CX-2 Trainer: The CX2 Trainer features a simplistic mesh knit upper that prioritizes breathability without compromising on durability. This design choice enhances ventilation, making it suitable for workouts in warmer environments or longer sessions where heat buildup can be a concern.
Additionally, the CX2 Trainer incorporates an internal toe guard, offering extra protection and durability where it’s needed most. This feature is particularly beneficial for athletes who engage in activities prone to toe abrasion, such as rope climbs or sled pushes. The straightforward upper design of the CX2 Trainer caters to athletes seeking functionality and performance without unnecessary frills.
Flexibility, Feeling On Feet, and Maneuverability
RAD ONE: The RAD ONE is designed with a bit more flexibility, offering a more forgiving feel across the foot. This is due to the softer midsole, less dense rubber outsole, and mesh/knit/suede upper materials.
Athletes who prioritize a shoe that adapts to dynamic movements and offers a comfortable fit throughout various exercises will appreciate the flexibility of the RAD ONE. The softer midsole enhances maneuverability without compromising on support, making it versatile for a wide range of CrossFit workouts.
CX-2 Trainer: In contrast, the CX-2 Trainer strikes a balance between flexibility and stability, catering to athletes who need a shoe that offers support during heavy lifting and structured workouts. The TPU overlay in the midfoot area provides stability, which is especially beneficial during lifts and movements that require controlled foot placement.
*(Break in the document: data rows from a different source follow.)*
Lemma rowlen_antitone r s : (1 <= r)%N -> (r <= s)%N -> (s <= size lam)%N ->
  (rowlen s <= rowlen r)%N.
Proof.
move=> r_gt0 rs s_le; case/and4P: lam_young => sorted_lam _ _ _.
have geq_trans : transitive geq by move=> y x z /= xy yz; exact: leq_trans yz xy.
have := sorted_leq_nth geq_trans leqnn 0%N sorted_lam.
by move/(_ r.-1 s.-1); rewrite !inE; apply; lia.
Qed.

Section Box.
Variables i j : nat.
Hypotheses (i_in : (1 <= i <= size lam)%N) (j_in : (1 <= j <= rowlen i)%N).
Local Notation p := (k + j - i)%N.

Lemma box_pos_range : (0 < p < n)%N.
Proof. by have := rowlen_young i_in; have := size_young; lia. Qed.

Lemma plus_pos_diag j' : (0 < j')%N -> plus_pos i j' i = (k + j' - i)%N.
Proof. by rewrite /plus_pos ltnn eqxx; have := size_young; lia. Qed.

Lemma plus_pos_other r : (1 <= r <= k)%N -> r != i ->
  (plus_pos i j r < p)%N || (p.+1 < plus_pos i j r)%N.
Proof.
rewrite /plus_pos => r_in; case: (ltngtP r i) => // ri _; last by lia.
by have := rowlen_antitone (_ : 1 <= r)%N (ltnW ri) (proj2 (andP i_in)); lia.
Qed.

Lemma box_sgn_plus : sgn (path_signs i j) p.
Proof.
rewrite sgn_path_signs; last by have := box_pos_range; lia.
apply/hasP; exists i; first by rewrite mem_iota; have := size_young; lia.
by rewrite plus_pos_diag //; lia.
Qed.

Lemma box_sgn_minus : ~~ sgn (path_signs i j) p.+1.
Proof.
rewrite sgn_path_signs; last by have := box_pos_range; lia.
apply/hasP => -[r]; rewrite mem_iota => r_in /eqP pr.
have [ri|ri] := eqVneq r i; first by move: pr; rewrite ri plus_pos_diag; lia.
by have := plus_pos_other (_ : 1 <= r <= k)%N ri; lia.
Qed.

Lemma sact_path_signs : sact p (path_signs i j) = path_signs i j.+1.
Proof.
have sz := size_young; apply/ffunP => q; rewrite sactE ?box_pos_range // [RHS]ffunE.
have [q_p|q_np] := eqP.
  rewrite (negbTE box_sgn_minus); apply/esym/hasP => -[r]; rewrite mem_iota q_p => r_in /eqP.
  have [->|ri] := eqVneq r i; first by rewrite plus_pos_diag; lia.
  by rewrite (plus_pos_other_row j) //; have := plus_pos_other (_ : 1 <= r <= k)%N ri; lia.
have [q_p1|q_np1] := eqP.
  rewrite box_sgn_plus; apply/esym/hasP; exists i; first by rewrite mem_iota; lia.
  by rewrite plus_pos_diag // q_p1; apply/eqP; lia.
rewrite ffunE; apply: eq_in_has => r r_in /=.
have [->|ri] := eqVneq r i; last by rewrite (plus_pos_other_row j).
by rewrite !plus_pos_diag //; apply/eqP/eqP; lia.
Qed.

End Box.

End YoungPath.

Section Rbox.
Variables n k : nat.
Variable lam : seq nat.
Hypothesis lam_young : young n k lam.

Local Notation rowlen i := (nth 0%N lam i.-1).

Lemma inboxE i j : inbox lam i j = (1 <= i <= size lam)%N && (1 <= j <= rowlen i)%N.
Proof. by rewrite /inbox; case: (1 <= i)%N; case: (i <= size lam)%N. Qed.

Lemma rowlen_le_first i : (1 <= i <= size lam)%N -> (rowlen i <= rowlen 1)%N.
Proof. by move=> i_in; apply: (rowlen_antitone lam_young); lia. Qed.

Lemma size_le_sumn (s : seq nat) : all (leq 1) s -> (size s <= sumn s)%N.
Proof. by elim: s => //= x s IH /andP[x_gt0 /IH]; lia. Qed.

(* A bound on the recursion depth of [rfuel] from box [(i, j)], decreasing
   along the recursion and at most [sumn lam] on boxes. *)
Definition fuel_needed i j : nat := (size lam - i + (rowlen 1 - j) + 1)%N.

Lemma fuel_needed_le i j : inbox lam i j -> (fuel_needed i j <= sumn lam)%N.
Proof.
rewrite inboxE /fuel_needed => /andP[i_in j_in]; have := rowlen_le_first i_in.
case/and4P: lam_young => _ lam_pos _ _; case lam_eq: lam lam_pos i_in j_in => [|x l] /=.
  by lia.
by case/andP => _ /size_le_sumn; lia.
Qed.

Lemma rfuel_enough f f' i j : (inbox lam i j -> fuel_needed i j <= f)%N -> (f <= f')%N ->
  rfuel lam f' i j = rfuel lam f i j.
Proof.
elim: f f' i j => [|f IH] [|f'] i j //= enough le_ff'.
- by case: ifP => // /enough; rewrite /fuel_needed; lia.
case: ifP => // box; congr (maxn _ _).+1; apply: IH => // box'; have := enough box;
  move: box box'; rewrite !inboxE /fuel_needed => /andP[i_in j_in] /andP[i_in' j_in'];
  have := rowlen_le_first i_in; lia.
Qed.

Lemma rbox_rec i j : inbox lam i j ->
  rbox lam i j = (maxn (rbox lam i j.+1) (rbox lam i.+1 j)).+1.
Proof.
move=> box; rewrite {1}/rbox /= box /rbox.
by congr (maxn _ _).+1; apply/esym; apply: rfuel_enough => // box'; apply: fuel_needed_le.
Qed.

Lemma rbox_gt0 i j : inbox lam i j -> (0 < rbox lam i j)%N.
Proof. by move/rbox_rec => ->. Qed.

Lemma rbox_decreasing i j i' j' : inbox lam i j -> inbox lam i' j' ->
  (i <= i')%N -> (j <= j')%N -> (rbox lam i' j' + (i' - i) + (j' - j) <= rbox lam i j)%N.
Proof.
move=> box box'; have [d le_d] := ubnP (i' - i + (j' - j))%N.
elim: d => // d IH in i j box le_d *; move=> le_ii' le_jj'.
have := rbox_rec box; move: (box) (box'); rewrite !inboxE => /andP[i_in j_in] /andP[i_in' j_in'].
have [lt_jj'|ge_jj'] := ltnP j j'.
  have box1 : inbox lam i j.+1.
    rewrite inboxE i_in /=.
    by have := rowlen_antitone lam_young (_ : 1 <= i)%N le_ii' (proj2 (andP i_in')); lia.
  by have := IH i j.+1 box1 (_ : _ < d)%N le_ii' lt_jj'; lia.
have [lt_ii'|ge_ii'] := ltnP i i'; last first.
  by move=> _; rewrite (_ : i' = i) 1?(_ : j' = j) ?subnn ?addn0 //; lia.
have box1 : inbox lam i.+1 j.
  rewrite inboxE.
  by have := rowlen_antitone lam_young (_ : 1 <= i.+1)%N lt_ii' (proj2 (andP i_in')); lia.
by have := IH i.+1 j box1 (_ : _ < d)%N lt_ii' le_jj'; lia.
Qed.

End Rbox.

Section Boxes.
Variables n k : nat.
Variable lam : seq nat.

Local Notation rowlen i := (nth 0%N lam i.-1).
Implicit Types (b : nat * nat) (bs : seq (nat * nat)).

Definition row_boxes i : seq (nat * nat) := [seq (i, j) | j <- iota 1 (rowlen i)].

Definition boxes_from m c : seq (nat * nat) := flatten [seq row_boxes i | i <- iota m c].

Lemma boxes_fromS m c : boxes_from m c.+1 = row_boxes m ++ boxes_from m.+1 c.
Proof. by []. Qed.

Definition box_pos b : nat := (k + b.2 - b.1)%N.

Definition box_step b : nat * Qv := (box_pos b, cst lam b.1 b.2).

Local Notation rb b := (rbox lam b.1 b.2).

Definition swaps_at b q : bool := (q == box_pos b) || (q == (box_pos b).+1).

Definition rbox_drops b b' : bool :=
  (swaps_at b' (box_pos b) || swaps_at b' (box_pos b).+1) ==> (rb b' < rb b)%N.

Lemma mem_boxes_from m c b : b \in boxes_from m c ->
  (m <= b.1 < m + c)%N /\ (1 <= b.2 <= rowlen b.1)%N.
Proof.
case/flattenP => _ /mapP[i + ->] /mapP[j + ->]; rewrite !mem_iota => i_in j_in.
by split=> /=; lia.
Qed.

Definition lex_lt b b' : bool := (b.1 < b'.1)%N || (b.1 == b'.1) && (b.2 < b'.2)%N.

Lemma pairwise_lex_boxes_from m c : pairwise lex_lt (boxes_from m c).
Proof.
elim: c m => // c IH m; rewrite /boxes_from /= pairwise_cat IH andbT; apply/andP; split.
  apply/allrelP => _ b' /mapP[j _ ->] /mem_boxes_from[/= b'1 _].
  by rewrite /lex_lt /=; apply/orP; left; lia.
have : pairwise ltn (iota 1 (rowlen m)).
  by rewrite -sorted_pairwise ?iota_ltn_sorted //; exact: ltn_trans.
by rewrite pairwise_map; apply: sub_pairwise => j j' /= jj'; rewrite /lex_lt /= eqxx jj' orbT.
Qed.

Lemma inbox_boxes b : b \in boxes_from 1 (size lam) -> inbox lam b.1 b.2.
Proof. by case/mem_boxes_from => b1 b2; rewrite inboxE b2 andbT; lia. Qed.

Hypothesis lam_young : young n k lam.

Lemma rbox_drops_lex b b' : inbox lam b.1 b.2 -> inbox lam b'.1 b'.2 -> lex_lt b b' ->
  rbox_drops b b'.
Proof.
case: b b' => i j [i' j'] /= box box' lt_bb'; apply/implyP.
have := size_young lam_young; move: (box) (box'); rewrite !inboxE => /andP[i_in _] /andP[i_in' _].
rewrite /swaps_at /box_pos /= => sz near.
have [le_ii' le_jj'] : (i <= i')%N /\ (j <= j')%N.
  by move: lt_bb' near; rewrite /lex_lt /= => /orP[|/andP[/eqP]]; lia.
have := rbox_decreasing lam_young box box' le_ii' le_jj'.
by move: lt_bb'; rewrite /lex_lt /= => /orP[|/andP[/eqP]]; lia.
Qed.

Lemma pairwise_rbox_drops : pairwise rbox_drops (boxes_from 1 (size lam)).
Proof.
apply: (sub_in_pairwise (P := mem (boxes_from 1 (size lam))) (r := lex_lt)).
- by move=> b b' /inbox_boxes box /inbox_boxes box'; exact: rbox_drops_lex.
- exact/allP.
- exact: pairwise_lex_boxes_from.
Qed.

Lemma depth_boxes_le bs q B : pairwise rbox_drops bs -> all (fun b => 0 < rb b)%N bs ->
  (forall b, b \in bs -> swaps_at b q -> rb b <= B)%N -> (depth (map box_pos bs) q <= B)%N.
Proof.
elim: bs q B => //= b bs IH q B /andP[drops pw] /andP[rb_gt0 pos] le_B.
have tail_le q' : (q' == box_pos b) || (q' == (box_pos b).+1) ->
    (depth (map box_pos bs) q' <= (rb b).-1)%N.
  move=> near; apply: IH => // b' b'_in at_q'; move/allP/(_ b' b'_in): drops.
  by rewrite /rbox_drops; case/orP: near => /eqP <-; rewrite at_q' ?orbT /=; lia.
case: ifP => [at_q | _]; last by apply: IH => // b' b'_in; apply: le_B; rewrite inE b'_in orbT.
have := le_B b (mem_head _ _) at_q.
have := tail_le (box_pos b); have := tail_le (box_pos b).+1; rewrite !eqxx orbT /=; lia.
Qed.

Lemma deep_constants_boxes bs : pairwise rbox_drops bs ->
  (forall b, b \in bs -> inbox lam b.1 b.2) -> deep_constants (map box_step bs).
Proof.
elim: bs => //= b bs IH /[dup] pw_bbs /andP[drops pw] box; split; last first.
  by apply: IH => // b' b'_in; apply: box; rewrite inE b'_in orbT.
have pos : all (fun b => 0 < rb b)%N (b :: bs) by apply/allP => b' /box /(rbox_gt0 lam_young).
have le_rb b' : b' \in b :: bs -> swaps_at b' (box_pos b) -> (rb b' <= rb b)%N.
  rewrite inE => /predU1P[-> //| b'_in at_b'].
  by move/allP/(_ b' b'_in): drops; rewrite /rbox_drops at_b' /=; lia.
have := @depth_boxes_le (b :: bs) (box_pos b) (rb b) pw_bbs pos le_rb; rewrite /= eqxx /=.
have -> : map fst (map box_step bs) = map box_pos bs by rewrite -map_comp.
by move=> le_depth; apply: vord_geW (vord_ge_cst (rbox_gt0 lam_young (box b (mem_head _ _)))); lia.
Qed.

End Boxes.

Section BoxPath.
Variables n k : nat.
Variable lam : seq nat.
Hypothesis lam_young : young n k lam.

Local Notation rowlen i := (nth 0%N lam i.-1).
Local Notation path_signs := (path_signs n k lam).
Local Notation box_pos := (box_pos k).

Lemma plus_minus_path_row i j0 c : (1 <= i <= size lam)%N -> (0 < j0)%N ->
  (j0 + c = (rowlen i).+1)%N ->
  plus_minus_path (path_signs i j0) (map box_pos [seq (i, j) | j <- iota j0 c]) /\
  sacts (path_signs i j0) (map box_pos [seq (i, j) | j <- iota j0 c]) = path_signs i (j0 + c).
Proof.
move=> i_in; elim: c j0 => [|c IH] j0 j0_gt0 len /=; first by rewrite addn0.
have j0_in : (1 <= j0 <= rowlen i)%N by lia.
rewrite /sacts /= (sact_path_signs lam_young i_in j0_in) -/(sacts _ _) -addSnnS.
have [|path ->] := IH j0.+1 isT; first by lia.
split=> //; split=> //.
- exact: (box_pos_range lam_young i_in j0_in).
- exact: (box_sgn_plus lam_young i_in j0_in).
- exact: (box_sgn_minus lam_young i_in j0_in).
Qed.

Lemma plus_minus_path_rows m c : (0 < m)%N -> (m + c <= (size lam).+1)%N ->
  plus_minus_path (path_signs m 1) (map box_pos (boxes_from lam m c)) /\
  sacts (path_signs m 1) (map box_pos (boxes_from lam m c)) = path_signs (m + c) 1.
Proof.
elim: c m => [|c IH] m m_gt0 le_size; first by rewrite addn0.
have m_in : (1 <= m <= size lam)%N by lia.
have [path_m end_m] := plus_minus_path_row m_in (isT : 0 < 1)%N (add1n _).
rewrite path_signs_next_row in end_m.
have [|path' end'] := IH m.+1 isT; first by lia.
rewrite boxes_fromS map_cat sacts_cat /row_boxes end_m end' addSnnS; split=> //.
by apply: plus_minus_path_cat => //; rewrite end_m.
Qed.

End BoxPath.

Section Foldl.
Variables (T U R : Type).

Lemma foldl_flatten (f : R -> T -> R) x (ss : seq (seq T)) :
  foldl f x (flatten ss) = foldl (foldl f) x ss.
Proof. by elim: ss x => //= s ss IH x; rewrite foldl_cat IH. Qed.

Lemma foldl_map (f : R -> U -> R) (h : T -> U) x s :
  foldl f x (map h s) = foldl (fun y a => f y (h a)) x s.
Proof. by elim: s x => //= a s IH x; rewrite IH. Qed.

Lemma eq_foldl (f g : R -> T -> R) : f =2 g -> forall x s, foldl f x s = foldl g x s.
Proof. by move=> eq_fg x s; elim: s x => //= a s IH x; rewrite eq_fg IH. Qed.

End Foldl.

Lemma Xact_boxes n k lam (x : M n) :
  Xact k lam x = foldl (@Xstep n) x (map (box_step k lam) (boxes_from lam 1 (size lam))).
Proof.
rewrite map_flatten foldl_flatten -map_comp foldl_map; apply: eq_foldl => y i /=.
by rewrite -map_comp foldl_map.
Qed.

Lemma wact_boxes n k lam (e : signs n) :
  wact k lam e = sacts e (map (box_pos k) (boxes_from lam 1 (size lam))).
Proof.
rewrite /sacts map_flatten foldl_flatten -map_comp foldl_map; apply: eq_foldl => y i /=.
by rewrite -map_comp foldl_map.
Qed.

Lemma onesq_in_E n k : (k <= n)%N -> onesq n k \in E n k.
Proof.
move=> le_kn; rewrite inE; apply/eqP.
have -> : [set j | onesq n k j] = [set widen_ord le_kn i | i : 'I_k].
  apply/setP => j; rewrite !inE ffunE; apply/idP/imsetP => [j_lt|[i _ ->]] /=; last exact: ltn_ord.
  by exists (Ordinal j_lt) => //; apply: val_inj.
by rewrite card_imset ?card_ord // => i i' /eqP; rewrite -val_eqE /= => /eqP /val_inj.
Qed.

Theorem mainTheorem4 (n k : nat) (lam : seq nat) :
  (1 <= k)%N -> (k <= n - 1)%N -> young n k lam ->
  exists f : signs n -> Qv,
    (forall e, e \in E n k -> vanishes_at0 (f e)) /\
    Xact k lam (delta (onesq n k)) =
      delta (wact k lam (onesq n k)) + \sum_(e in E n k) f e *: delta e.
Proof.
move=> _ le_kn lam_young; set steps := map (box_step k lam) (boxes_from lam 1 (size lam)).
have onesq_E : onesq n k \in E n k by apply: onesq_in_E; lia.
have path : plus_minus_path (onesq n k) (map fst steps).
  rewrite /steps -map_comp -(path_signs_start n k lam).
  by case: (plus_minus_path_rows lam_young (isT : 0 < 1)%N (leqnn _)).
have deep : deep_constants steps.
  by apply: (deep_constants_boxes lam_young (pairwise_rbox_drops lam_young)) => b /inbox_boxes.
have ok0 : coordwise (coeff_ok k (map fst steps) (onesq n k)) 0.
  by apply: coordwise0; exact: coeff_ok0.
have [z X_eq z_ok] := foldl_Xstep_coeff_ok onesq_E path deep ok0.
have [z_vanish z_E] := coeff_ok_final z_ok.
exists z; split=> //.
by rewrite Xact_boxes -[delta _]addr0 X_eq wact_boxes -map_comp -z_E.
Qed.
While slightly less flexible than the RAD ONE, the CX-2 Trainer has a secure fit that enhances stability and minimizes foot fatigue over extended training sessions. This shoe is ideal for athletes who prioritize a stable base and precise movement control during exercises like squats, cleans, and snatches.
Final Remarks: Which Should You Buy?
When you buy either of these models, I can’t stress enough to make sure you keep them clean and try to limit destroying the packaging when opening and trying them on.
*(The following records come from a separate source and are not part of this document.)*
Lemma learner_round (c : nat -> R) t : (t < T)%N -> c t <= 1 / 2 ->
  learner_exp_loss y ye c t <= hh t - (1 - 2 * c t) * vv t.
Proof.
move=> tT ct; have := abstention_round (labels tT) (yhat_bounds tT) ct.
rewrite loss_of_mean // => /le_trans; apply.
have p0 i : 0 <= pw t i := ah_weights_ge0 _ _ i.
have := variance_le_bernoulli p0 (ah_p_sum1 tT) (fun i => eloss01 i tT).
rewrite /hedge_loss; nra.
Qed.

Lemma vt_eq t : (t < T)%N -> vt y ye t = vv t.
Proof. by move=> tT; rewrite /vt loss_of_mean. Qed.

Lemma abstention_regret (c : nat -> R) (i : 'I_d) :
  \big[Num.max/0]_(t < T) c t < 1 / 2 ->
  \sum_(t < T) learner_exp_loss y ye c t
  <= \sum_(t < T) eloss y ye t i
     + Num.min (N / (1 - 2 * \big[Num.max/0]_(t < T) c t))
               (2 * Num.sqrt (N * \sum_(t < T) vt y ye t))
     + 4 / 3 * N + 2.
Proof.
set cmax := \big[Num.max/0]_(t < T) c t => cmax_lt; set K := 1 - 2 * cmax.
have K_gt0 : 0 < K by rewrite /K; lra.
have c_le t : (t < T)%N -> c t <= cmax.
  by move=> tT; rewrite /cmax (bigD1 (Ordinal tT)) //= le_max lexx.
have learner : \sum_(t < T) learner_exp_loss y ye c t <= \sum_(t < T) hh t - K * V T.
  rewrite mulr_sumr -sumrB; apply: ler_sum => t _; have tT := ltn_ord t.
  have := learner_round tT (le_trans (c_le t tT) (ltW cmax_lt)).
  by have := c_le t tT; have := vv_ge0 t; rewrite /K; nra.
rewrite (eq_bigr _ (fun t _ => vt_eq (ltn_ord t))).
have := hedge_regret i; have := Delta_bound; have := sqrt_minus_linear lnd_ge0 (V_ge0 T) K_gt0.
rewrite /cumL; lra.
Qed.

End AdaHedgeAnalysis.

Theorem mainTheorem10 (R : realType) (d T : nat)
  (y : nat -> R) (ye : nat -> 'I_d -> R) (c : nat -> R) :
  (forall t, (t < T)%N -> y t = 1 \/ y t = -1) ->
  (forall t i, (t < T)%N -> -1 <= ye t i <= 1) ->
  (forall t, (t < T)%N -> 0 <= c t) ->
  \big[Num.max/0]_(t < T) c t < 1 / 2 ->
  forall i : 'I_d,
    \sum_(t < T) learner_exp_loss y ye c t
    <= \sum_(t < T) eloss y ye t i
       + Num.min (ln (d%:R) / (1 - 2 * \big[Num.max/0]_(t < T) c t))
                 (2 * Num.sqrt (ln (d%:R) * \sum_(t < T) vt y ye t))
       + 4 / 3 * ln (d%:R) + 2.
Proof.
move=> labels predictions _ cmax_lt i.
have d_gt0 : (0 < d)%N by apply: leq_ltn_trans (ltn_ord i).
exact: abstention_regret labels predictions d_gt0 c i cmax_lt.
Qed.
This will help with the return process to ensure you can easily swap the shoes out or exchange them if you need them. I only heed the warning here because sometimes I open my shoe packages like a raccoon, and then it makes returns more of an issue.
Which Should You Go With Rapid Fire
- Want maximal midsole stability for lifting? Go TYR.
- CrossFit box program WODs with a lot of running? Go RAD.
- CrossFit box program a lot of lifting/weightlifting? Go TYR.
- Do a lot of HIIT/cross-training each week? Go RAD.
- Prefer trainers with more ankle support? Go TYR.
- Do short runs pre and post-workout longer than a mile? Go RAD.
- Care about wearing a trainer for daily wear? Go RAD.
- Prefer a little more arch support? Either.